Dataset items

• • • •

(* Let $K\ge2$, $\theta>1$, $T>0$, and let $\xi_1,\dots,\xi_K$ be $C^1$ real functions on $[T,\infty)$ satisfying, for all $t\ge T$, $$\dot\xi_1=-t^{-1}\gamma_1\big(e^{-(\xi_2-\xi_1)}-1\big)+O(t^{-\theta}),$$ $$\dot\xi_k=t^{-1}\Big(\gamma_{k-1}\big(e^{-(\xi_k-\xi_{k-1})}-1\big)-\gamma_k\big(e^{-(\xi_{k+1}-\xi_k)}-1\big)\Big)+O(t^{-\theta}),\quad 2\le k\le K-1,$$ $$\dot\xi_K=t^{-1}\gamma_{K-1}\big(e^{-(\xi_K-\xi_{K-1})}-1\big)+O(t^{-\theta}),$$ where $\gamma_k=\frac{k(K-k)}{2}$ and each $O(t^{-\theta})$ is bounded in absolute value by $Ct^{-\theta}$ for a fixed $C$. Assume moreover that $\sup_{t\ge T}|\sum_{k=1}^K\xi_k(t)|<\infty$. Then there exists $M>0$ with $|\xi_k(t)|\le M$ for all $k=1,\dots,K$ and all $t\ge T$. *)

From Stdlib Require Import Reals Lra.
Open Scope R_scope.

Definition has_deriv_within (T : R) (f : R -> R) (t l : R) : Prop :=
  forall eps : R, 0 < eps -> exists delta : R, 0 < delta /\
    forall s : R, T <= s -> s <> t -> Rabs (s - t) < delta ->
      Rabs ((f s - f t) / (s - t) - l) < eps.

Definition continuous_within (T : R) (g : R -> R) (t : R) : Prop :=
  forall eps : R, 0 < eps -> exists delta : R, 0 < delta /\
    forall s : R, T <= s -> Rabs (s - t) < delta -> Rabs (g s - g t) < eps.
(* Let $(\Delta,R)$ be a gentle quiver such that $f_{(\Delta,R)} = m'\cdot[0,3]+[p+m'+2,\,p]$ for some $m',p\in\mathbb N$, and let $m$ be the number of $3$-cycles in $\Delta$. Then \[ f_{(\Delta,R)} = m\cdot[0,3] + [\,|\Delta_0|+1-m,\; |\Delta_0|-1-2m\,]. \]
   Context: A quiver $\Delta$ has finite vertex set $\Delta_0$, arrow set $\Delta_1$, maps $s,t$. A path of length $n\ge1$ is $(\alpha_1,\dots,\alpha_n)$ with $s\alpha_i=t\alpha_{i+1}$. A $3$-cycle in $\Delta$ is a sequence $(\alpha_0,\alpha_1,\alpha_2)$ of arrows with $\alpha_0\ne\alpha_1\ne\alpha_2\ne\alpha_0$ such that $(\alpha_0,\alpha_1,\alpha_2,\alpha_0)$ is a path; 3-cycles differing by a cyclic permutation are identified. A gentle quiver is $(\Delta,R)$ with $\Delta$ connected, $R$ a set of paths of length 2, such that: (1) each vertex is start of at most two arrows and end of at most two arrows; (2) for each arrow $\alpha$ at most one $\beta$ with $s\beta=t\alpha$, $(\beta,\alpha)\notin R$ and at most one $\gamma$ with $t\gamma=s\alpha$, $(\alpha,\gamma)\notin R$; (3) for each $\alpha$ at most one $\beta$ with $(\beta,\alpha)\in R$ and at most one $\gamma$ with $(\alpha,\gamma)\in R$; (4) for some $n$ every path of length $n$ has a subpath in $R$. Invariant $f_{(\Delta,R)}:\mathbb N^2\to\mathbb N$: choose $\sigma,\tau:\Delta_1\to\{\pm1\}$ with distinct arrows of same start having opposite $\sigma$, distinct arrows of same end opposite $\tau$, and for $s\alpha=t\beta$: $(\alpha,\beta)\in R$ iff $\sigma\alpha=\tau\beta$; $\sigma\omega=\sigma\alpha_n,\tau\omega=\tau\alpha_1$. Permitted paths: no consecutive pair in $R$, plus trivial $1_{x,\varepsilon}$ ($s=t=x$, $\sigma=\varepsilon,\tau=-\varepsilon$); maximal if no arrow $\alpha$ with $s\alpha=t\omega,\sigma\alpha=-\tau\omega$ and no $\beta$ with $t\beta=s\omega,\tau\beta=-\sigma\omega$; set $\mathcal M$. Antipaths: all consecutive pairs in $R$, plus trivial $1'_{x,\varepsilon}$ ($\sigma=\tau=\varepsilon$); maximal if no $\alpha$ with $s\alpha=t\omega,\sigma\alpha=\tau\omega$ and no $\beta$ with $t\beta=s\omega,\tau\beta=\sigma\omega$; set $\mathcal N$. $\phi:\mathcal M\to\mathcal N$, $\omega\mapsto$ unique $\omega'$ with $t\omega'=t\omega,\tau\omega'=-\tau\omega$; $\psi:\mathcal N\to\mathcal M$, $\omega\mapsto$ unique $\omega'$ with $s\omega'=s\omega,\sigma\omega'=-\sigma\omega$; $\Phi=\phi\psi$; $\Phi$-orbit: $p=|\mathcal O|$, $q=$ total length. $\mathcal C$: arrows $\alpha$ with $(\alpha)$ not a subpath of a maximal antipath; $\Psi(\alpha)=$ unique $\beta\in\mathcal C$ with $t\beta=s\alpha,\tau\beta=\sigma\alpha$; $\Psi$-orbit: $p=0$, $q=|\mathcal O|$. $f(p,q)=$ number of orbits with these values. $[p,q]$ is the characteristic function of $\{(p,q)\}$; sums pointwise. *)

From mathcomp Require Import all_boot.
Set Implicit Arguments. Unset Strict Implicit. Unset Printing Implicit Defensive.

Section Gentle.
Variables (V A : finType) (s t : A -> V) (R : rel A).

(* A path (a_1,...,a_n) is stored as its first arrow a_1 and the rest;
   consecutive arrows satisfy s a_i = t a_(i+1).  R a b means (a,b) in R. *)
Definition arrow_path (a : A) (r : seq A) := path (fun x y => s x == t y) a r.

Definition adj : rel V :=
  fun x y => [exists a, ((s a == x) && (t a == y)) || ((s a == y) && (t a == x))].

Definition connected_quiver := 0 < #|V| /\ forall x y, connect adj x y.

Definition gentle : Prop :=
  (forall a b, R a b -> s a = t b) /\
  [/\ connected_quiver,
      (forall x, #|[set a | s a == x]| <= 2 /\ #|[set a | t a == x]| <= 2),
      (forall a, #|[set b | (s b == t a) && ~~ R b a]| <= 1 /\
                 #|[set c | (t c == s a) && ~~ R a c]| <= 1),
      (forall a, #|[set b | R b a]| <= 1 /\ #|[set c | R a c]| <= 1) &
      (exists n, forall a r, size r = n -> arrow_path a r ->
                    ~~ path (fun x y => ~~ R x y) a r)].

(* 3-cycles, identified up to cyclic permutation *)
Definition is3cycle (c : A * A * A) : bool :=
  let '(a0, a1, a2) := c in
  [&& a0 != a1, a1 != a2, a2 != a0, s a0 == t a1, s a1 == t a2 & s a2 == t a0].
Definition rot3 (c : A * A * A) : A * A * A := let '(a0, a1, a2) := c in (a1, a2, a0).
Definition rotclass (c : A * A * A) : {set A * A * A} := [set c; rot3 c; rot3 (rot3 c)].
Definition n3cycles : nat := #|[set rotclass c | c in [set c | is3cycle c]]|.

(* Signs: true = +1, false = -1. *)
Variables (sigma tau : A -> bool).
Lemma lcount_momentS w n k :
  lcount_moment w n.+1 k = record_factor w k n * lcount_moment w n k.
Proof.
have -> : record_factor w k n = \sum_(v : {ffun 'I_k -> 'I_n.+1}) w #|[set b | v b == ord0]|.
  by rewrite sum_ffun_card_preimage !card_ord.
rewrite /lcount_moment (reindex (@insert_last n k)) /=; last exact/onW_bij/insert_last_bij.
rewrite big_distrl; under [RHS]eq_bigr do rewrite big_distrr.
rewrite pair_big /=; apply: eq_bigr => -[v u] _ /=.
rewrite big_ord_recr /= lcount_insert_last_max mulrC; congr (_ * _).
apply: eq_bigr => a _; rewrite -(lcount_insert_last_lift (v, u)); congr (w (lcount _ _ _ _)).
exact/val_inj/esym/lift_max.
Qed.

Lemma record_factor0 w k : record_factor w k 0 = w k.
Proof.
rewrite /record_factor big_ord_recr /= subnn binn big1 ?add0r // => j _.
by rewrite exp0n ?muln0 // subn_gt0.
Qed.

End RecordMoment.

Section ChernoffBound.
Variable R : realType.

Definition tail_exponent k (c : nat -> R) n : R :=
  (expR 1 - 1) * \sum_(2 <= a < n.+1) \sum_(j < k.+1) c j * 'C(k, j)%:R / a%:R ^+ j.

Lemma tail_exponent_ge0 k (c : nat -> R) n : (forall j, 0 <= c j) -> 0 <= tail_exponent k c n.
Proof.
move=> c0; rewrite /tail_exponent mulr_ge0 ?expR1_subr1_ge0 //.
by do 2!apply: sumr_ge0 => ? _; rewrite divr_ge0 ?mulr_ge0 ?exprn_ge0.
Qed.

Lemma expR_bool (b : bool) : expR (b : nat)%:R = 1 + (expR 1 - 1) * (b : nat)%:R :> R.
Proof. by case: b; rewrite ?expR0 ?mulr1 ?mulr0 ?addr0 // addrC subrK. Qed.

(* Since [e^b = 1 + (e - 1) b] for [b] in {0, 1}, the constant parts add up to
   [(a + 1)^k] by the binomial theorem; then [1 + y <= e^y]. *)
Lemma record_factor_expR_le (b : nat -> bool) k a :
  record_factor (fun j => expR (b j : nat)%:R) k a
    <= a.+1%:R ^+ k * expR ((expR 1 - 1) *
         \sum_(j < k.+1) (b j : nat)%:R * 'C(k, j)%:R / a.+1%:R ^+ j) :> R.
Proof.
set y := _ * \sum_(j < k.+1) _.
apply: (@le_trans _ _ (a.+1%:R ^+ k * (1 + y))); last first.
  by rewrite ler_wpM2l ?exprn_ge0 ?ler0n ?expR_ge1Dx.
rewrite /record_factor; under eq_bigr do rewrite expR_bool mulrnDl.
rewrite big_split /= mulrDr mulr1; apply: lerD.
  rewrite -natrX -[a.+1]addn1 expnDn natr_sum; apply: ler_sum => j _.
  by rewrite exp1n muln1.
rewrite /y mulr_sumr mulr_sumr; apply: ler_sum => j _.
have jk : (j <= k)%N by rewrite -ltnS.
have le_pow : ('C(k, j) * a ^ (k - j) <= 'C(k, j) * a.+1 ^ (k - j))%N.
  by apply: leq_mul => //; case: (k - j)%N => // e; rewrite leq_exp2r.
apply: le_trans (ler_wpMn2l (mulr_ge0 (expR1_subr1_ge0 R) (ler0n _ _)) le_pow) _.
have N0 : a.+1%:R != 0 :> R by rewrite pnatr_eq0.
rewrite -[leLHS]mulr_natr natrM !natrX exprB ?unitfE // le_eqVlt; apply/orP; left.
by apply/eqP; field; rewrite expf_neq0.
Qed.
Lemma hi_relations_scaleF {R : realType} {r i n : nat} {E F : 'M[complex R]_n}
    {e : complex R} {v : 'cV[complex R]_n} :
  e != 0 -> hi_relations r i E (e *: F) v -> hi_relations r i E F v.
Proof.
move=> e_neq0 [rel1 rel2 rel3 rel4]; split; first exact: rel1.
- move: rel2; rewrite -scalemxAl -scalemxAr => /eqP.
  by rewrite scaler_eq0 (negbTE e_neq0) => /eqP.
- move: rel3; rewrite exprZ_mx -scalemxAl => /eqP.
  by rewrite scaler_eq0 expf_eq0 (negbTE e_neq0) andbF => /eqP.
- move: rel4; rewrite exprZ_mx -!scalemxAl -!scalemxAr scalerA => /eqP.
  by rewrite scaler_eq0 mulf_eq0 expf_eq0 (negbTE e_neq0) andbF => /eqP.
Qed.

Section GeneratedByTop.
Context {R : realType} {r i : nat}.
Hypothesis i_lt : (i + 2 <= r)%N.
Local Notation b := (bvec R r.*2).
Local Notation E := (actE R _ (Pmod R r i)).
Local Notation F := (actF R _ (Pmod R r i)).
Local Notation h0 := (b (hI i 0)).
Local Notation j := (r - 2 - i)%N.

Lemma bvec_h a : (a <= i)%N -> b (hI i a) = F ^+ a *m h0.
Proof.
elim: a => [|a IH] a_le; first by rewrite expr0 mul1mx.
by rewrite mulmxXS -IH ?(F_h i_lt) //; lia.
Qed.

Lemma bvec_L a : (a <= j)%N -> b (LI r i a) = F ^+ (a + i.+1) *m h0.
Proof.
elim: a => [|a IH] a_le; first by rewrite add0n mulmxXS -bvec_h ?(F_h_last i_lt).
by rewrite addSn mulmxXS -IH ?(F_L i_lt) //; lia.
Qed.

Lemma bvec_R a : (a <= j)%N -> b (RI i a) = E ^+ a.+1 *m h0.
Proof.
elim: a => [|a IH] a_le; first by rewrite expr1 (E_h0 i_lt).
by rewrite mulmxXS -IH ?(E_R i_lt) //; lia.
Qed.

Lemma bvec_s a : (a <= i)%N -> b (sI i a) = F ^+ a *m (F *m (E *m h0)).
Proof.
elim: a => [|a IH] a_le; first by rewrite expr0 mul1mx (E_h0 i_lt) (F_R0 i_lt).
by rewrite mulmxXS -IH ?(F_s i_lt) //; lia.
Qed.

Lemma Pmod_hi_relations : hi_relations r i E F h0.
Proof.
split.
- by rewrite mulmxXS -bvec_R ?(E_R_last i_lt) ?mulmx0.
- by rewrite (E_h0 i_lt) (F_R0 i_lt) (E_s0 i_lt).
- by rewrite mulmxXS mulmxXSr -bvec_s ?(F_s_last i_lt).
- by rewrite -[F ^+ i.+1 *m _](@bvec_L 0) ?(E_L0 i_lt) ?(F_s_last i_lt).
Qed.

Lemma mor_eq0 {W : umod R r.*2} {f : 'M[complex R]_(r.*2)} :
  is_mor R (Pmod R r i) W f -> f *m h0 = 0 -> f = 0.
Proof.
move=> f_mor v0; apply: mx_eq0_bvec => c c_lt.
case: (basis_index_cases i_lt c_lt) => -[a a_le ->].
- by rewrite bvec_h ?(mor_FX f_mor) ?v0 ?mulmx0.
- by rewrite bvec_s ?(mor_FX f_mor) ?(mor_F f_mor) ?(mor_E f_mor) ?v0 ?mulmx0.
- by rewrite bvec_R ?(mor_EX f_mor) ?v0 ?mulmx0.
- by rewrite bvec_L ?(mor_FX f_mor) ?v0 ?mulmx0.
Qed.

End GeneratedByTop.

(* The weight equations below leave [k] in [{0, 1, -1}], since [|k r| >= 2 r]
   would put [i] or [l] out of [[0, r - 2]]. *)
Ltac solve_by_weight k r :=
  case: (int_mul_nat_cases k r) => [?|?|?|[?|?]]; try subst k; lia.

Section HiRelationsInP.
Context {R : realType} {r l i : nat}.
Variable k : int.
Context {v : 'cV[complex R]_(r.*2)}.
Hypotheses (i_lt : (i + 2 <= r)%N) (l_lt : (l + 2 <= r)%N).
Local Notation b := (bvec R r.*2).
Local Notation E := (actE R _ (Pmod R r l)).
Local Notation F := (actF R _ (Pmod R r l)).
Hypothesis v_rels : hi_relations r i E F v.
Hypothesis v_neq0 : v != 0.

Lemma hi_relations_R {a c} : (a <= r - 2 - l)%N -> v = c *: b (RI l a) ->
  i%:Z = k * r%:Z + (l%:Z + 2 + 2 * a%:Z) ->
  [/\ a = (r - 2 - l)%N, k = -1 & l = (r - 2 - i)%N].
Proof.
move=> a_le vE wt_v; case: v_rels => _ rel2 _ _.
have [a_lt|a_ge] := ltnP a (r - 2 - l); last first.
  by split; [lia | solve_by_weight k r | solve_by_weight k r].
have aS : (0 < a.+1 <= r - 2 - l)%N by apply/andP; lia.
move: rel2; rewrite vE -!scalemxAr (E_R l_lt a_lt) (F_R l_lt aS) -scalemxAr.
rewrite (E_R l_lt a_lt) scalerA => /scale_bvec_eq0 cg0.
have g_neq0 : - gam R r (r - 2 - l) a.+1 != 0 by rewrite oppr_eq0 gam_neq0 //; lia.
case/eqP: v_neq0; rewrite vE (mulIf g_neq0 (_ : c * _ = 0 * _)) ?scale0r // mul0r cg0 //.
by rewrite /RI; lia.
Qed.

Lemma hi_relations_hs {a x y} :
  (a <= l)%N -> v = x *: b (hI l a) + y *: b (sI l a) ->
  i%:Z = k * r%:Z + (l%:Z - 2 * a%:Z) -> [/\ a = 0%N, k = 0 & l = i].
Proof.
move=> a_le vE wt_v; case: v_rels => rel1 rel2 rel3 _.
case: a => [|a] in a_le vE wt_v *.
  by split => //; solve_by_weight k r.
have aS : (0 < a.+1 <= l)%N by apply/andP; lia.
have a_lt : (a < l)%N by lia.
have g_neq0 : gam R r l a.+1 != 0 by apply: gam_neq0; lia.
set g := gam R r l a.+1 in g_neq0.
have h_lt : (hI l a < r.*2)%N by rewrite /hI; lia.
have s_lt : (sI l a < r.*2)%N by rewrite /sI; lia.
have hs_neq : hI l a != sI l a by rewrite /hI /sI; apply/eqP; lia.
have Ev : E *m v = (x * g) *: b (hI l a) + (x + y * g) *: b (sI l a).
  rewrite vE mulmxDr -!scalemxAr (E_h l_lt aS) (E_s l_lt aS).
  by rewrite scalerDr !scalerA scalerDl addrA.
have EFEv : E *m (F *m (E *m v)) =
    (x * g * g) *: b (hI l a) + (x * g + (x + y * g) * g) *: b (sI l a).
  rewrite Ev mulmxDr -!scalemxAr (F_h l_lt a_lt) (F_s l_lt a_lt).
  rewrite mulmxDr -!scalemxAr (E_h l_lt aS) (E_s l_lt aS).
  by rewrite scalerDr !scalerA -addrA -scalerDl.
have x0 : x = 0.
  move: rel2; rewrite EFEv => /(scale_bvec2_eq0 h_lt s_lt hs_neq) [xgg0 _].
  by apply: (mulIf g_neq0); apply: (mulIf g_neq0); rewrite xgg0 !mul0r.
have y0 : y = 0.
  move: Ev; rewrite x0 mul0r add0r scale0r add0r => Ev.
  have [fits|overflows] := leqP (a + i.+2) l.
    move: rel3; rewrite Ev -scalemxAr (FX_s l_lt fits) => /scale_bvec_eq0 yg0.
    by apply: (mulIf g_neq0); rewrite mul0r yg0 // /sI; lia.
  have top : ((r - 2 - i).+2 <= a.+1 <= l)%N.
    by apply/andP; split; [solve_by_weight k r | lia].
  have [d d_neq0 Ed] := EX_s (R := R) l_lt top.
  move: rel1; rewrite vE x0 scale0r add0r -scalemxAr Ed scalerA.
  move=> /scale_bvec_eq0 yd0.
  by apply: (mulIf d_neq0); rewrite mul0r yd0 // /sI; lia.
by case/eqP: v_neq0; rewrite vE x0 y0 !scale0r addr0.
Qed.

Lemma hi_relations_L {a c} : (a <= r - 2 - l)%N -> v = c *: b (LI r l a) ->
  i%:Z = k * r%:Z - (l%:Z + 2 + 2 * a%:Z) ->
  [/\ a = 0%N, k = 1 & l = (r - 2 - i)%N].
Proof.
move=> a_le vE wt_v; case: v_rels => rel1 _ _ rel4.
case: a => [|a] in a_le vE wt_v *.
  by split => //; solve_by_weight k r.
suff c0 : c = 0 by case/eqP: v_neq0; rewrite vE c0 scale0r.
have [fits|overflows] := leqP (a.+1 + i.+1) (r - 2 - l).
  have top : (0 < a.+1 + i.+1 <= r - 2 - l)%N by apply/andP; lia.
  have below : ((a.+1 + i.+1).-1 < r - 2 - l)%N by lia.
  have g_neq0 : - gam R r (r - 2 - l) (a.+1 + i.+1) != 0.
    by rewrite oppr_eq0 gam_neq0 //; lia.
  move: rel4; rewrite vE -!scalemxAr (FX_L l_lt fits) (E_L l_lt top) -scalemxAr.
  rewrite (F_L l_lt below) scalerA => /scale_bvec_eq0 cg0.
  by apply: (mulIf g_neq0); rewrite mul0r cg0 // /LI; lia.
have [deep|shallow] := leqP (r - 2 - i).+2 a.+1.
  have [|d d_neq0 Ed] :=
    EX_L (R := R) l_lt (_ : ((r - 2 - i).+2 <= a.+1 <= r - 2 - l)%N).
    by apply/andP.
  move: rel1; rewrite vE -scalemxAr Ed scalerA => /scale_bvec_eq0 cd0.
  by apply: (mulIf d_neq0); rewrite mul0r cd0 // /LI; lia.
(* [E^(r-i)] moves [L_a] down to [L_0], then to [s_l], then down the [s]-chain. *)
have [|d1 d1_neq0 Ed1] := EX_L (R := R) l_lt (_ : (a.+1 <= a.+1 <= r - 2 - l)%N).
  by apply/andP.
have [|d2 d2_neq0 Ed2] :=
  EX_s (R := R) l_lt (_ : ((r - 2 - i).+2 - a.+2 <= l <= l)%N).
  by apply/andP; split => //; solve_by_weight k r.
move: rel1; rewrite (_ : (r - 2 - i).+2 = ((r - 2 - i).+2 - a.+2 + (1 + a.+1))%N); last lia.
rewrite vE -scalemxAr !mulmxXD Ed1 subnn expr1 -!scalemxAr (E_L0 l_lt) Ed2 !scalerA.
move=> /scale_bvec_eq0 cd0; apply: (mulIf d1_neq0); apply: (mulIf d2_neq0).
by rewrite !mul0r cd0 // /sI; lia.
Qed.

End HiRelationsInP.

Lemma tensC0 (R : realType) (r n : nat) (V : umod R n) : tensC R r 0 V = V.
Proof.
case: V => E F H K Ki; rewrite /tensC /= mul0r oppr0 /qpow expr0z !scale1r.
by rewrite mulr0z raddf0 add0r.
Qed.

Section DeterminedByTop.
Context {R : realType} {r i : nat}.
Hypothesis i_lt : (i + 2 <= r)%N.
Local Notation b := (bvec R r.*2).
Local Notation h0 := (b (hI i 0)).

(* [mor_det] only picks a morphism when one exists; a given morphism [f] with
   [f h_i = c w] provides one (namely [c^-1 f]) as soon as [c != 0]. *)
Lemma mor_detE {W : umod R r.*2} {f : 'M[complex R]_(r.*2)} {w : 'cV_(r.*2)} {c} :
  is_mor R (Pmod R r i) W f -> f *m h0 = c *: w -> f = c *: mor_det R r i W w.
Proof.
move=> f_mor fh.
have [c0|c_neq0] := eqVneq c 0.
  by rewrite c0 scale0r (mor_eq0 i_lt f_mor) // fh c0 scale0r.
have [g_mor gh] : is_mor R (Pmod R r i) W (mor_det R r i W w) /\
                  mor_det R r i W w *m h0 = w.
  apply: (epsilon_spec (inhabits 0) (fun g => is_mor R _ W g /\ g *m h0 = w)).
  exists (c^-1 *: f); split; first exact: is_morZ _ f_mor.
  by rewrite -scalemxAl fh scalerA mulVf ?scale1r.
apply/eqP; rewrite -subr_eq0; apply/eqP.
apply: (mor_eq0 i_lt (is_morB f_mor (is_morZ c g_mor))).
by rewrite mulmxBl -scalemxAl gh fh subrr.
Qed.

Lemma Imor_id : Imor R r i = 1%:M.
Proof.
have id_mor : is_mor R (Pmod R r i) (tensC R r 0 (Pmod R r i)) 1%:M.
  by rewrite tensC0; split; rewrite mul1mx mulmx1.
by rewrite [RHS](mor_detE id_mor (_ : _ = 1 *: h0)) ?scale1r ?mul1mx.
Qed.

Lemma mor_Ix (f : 'M[complex R]_(r.*2)) (x y : complex R) :
  is_mor R (Pmod R r i) (tensC R r 0 (Pmod R r i)) f ->
  f *m h0 = x *: h0 + y *: b (sI i 0) -> f = x *: Imor R r i + y *: xmor R r i.
Proof.
move=> f_mor fh; rewrite Imor_id -(mor_detE (f := f - x *: 1%:M)).
- by rewrite addrC subrK.
- apply: is_morB f_mor (is_morZ _ _).
  by rewrite tensC0; split; rewrite mul1mx mulmx1.
- by rewrite mulmxBl -scalemxAl mul1mx fh addrAC subrr add0r.
Qed.

End DeterminedByTop.

Lemma mor_weight {R : realType} {r i l : nat} {k : int} {f : 'M[complex R]_(r.*2)} :
  (i + 2 <= r)%N -> is_mor R (Pmod R r i) (tensC R r k (Pmod R r l)) f ->
  actH R _ (Pmod R r l) *m (f *m bvec R r.*2 (hI i 0)) =
    (i%:Z - k * r%:Z)%:~R *: (f *m bvec R r.*2 (hI i 0)).
Proof.
move=> i_lt f_mor; set v := f *m _.
have h0_lt : (hI i 0 < r.*2)%N by rewrite /hI; lia.
have := mor_H_eigen f_mor (H_bvec (R := R) (l := i) h0_lt).
rewrite (wt_h i_lt) // mulr0 subr0 -/v /= mulmxDl mul_scalar_mx => Hv.
by rewrite intrB scalerBl -Hv addrAC subrr add0r.
Qed.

• • • •

Once you find the line containing "Rabs ((f s - f t) / (s - t) - l) < eps.", stop: reproduce exactly that line and every line of the data before it, and nothing else.

(* Let $K\ge2$, $\theta>1$, $T>0$, and let $\xi_1,\dots,\xi_K$ be $C^1$ real functions on $[T,\infty)$ satisfying, for all $t\ge T$, $$\dot\xi_1=-t^{-1}\gamma_1\big(e^{-(\xi_2-\xi_1)}-1\big)+O(t^{-\theta}),$$ $$\dot\xi_k=t^{-1}\Big(\gamma_{k-1}\big(e^{-(\xi_k-\xi_{k-1})}-1\big)-\gamma_k\big(e^{-(\xi_{k+1}-\xi_k)}-1\big)\Big)+O(t^{-\theta}),\quad 2\le k\le K-1,$$ $$\dot\xi_K=t^{-1}\gamma_{K-1}\big(e^{-(\xi_K-\xi_{K-1})}-1\big)+O(t^{-\theta}),$$ where $\gamma_k=\frac{k(K-k)}{2}$ and each $O(t^{-\theta})$ is bounded in absolute value by $Ct^{-\theta}$ for a fixed $C$. Assume moreover that $\sup_{t\ge T}|\sum_{k=1}^K\xi_k(t)|<\infty$. Then there exists $M>0$ with $|\xi_k(t)|\le M$ for all $k=1,\dots,K$ and all $t\ge T$. *)

From Stdlib Require Import Reals Lra.
Open Scope R_scope.

Definition has_deriv_within (T : R) (f : R -> R) (t l : R) : Prop :=
  forall eps : R, 0 < eps -> exists delta : R, 0 < delta /\
    forall s : R, T <= s -> s <> t -> Rabs (s - t) < delta ->
      Rabs ((f s - f t) / (s - t) - l) < eps.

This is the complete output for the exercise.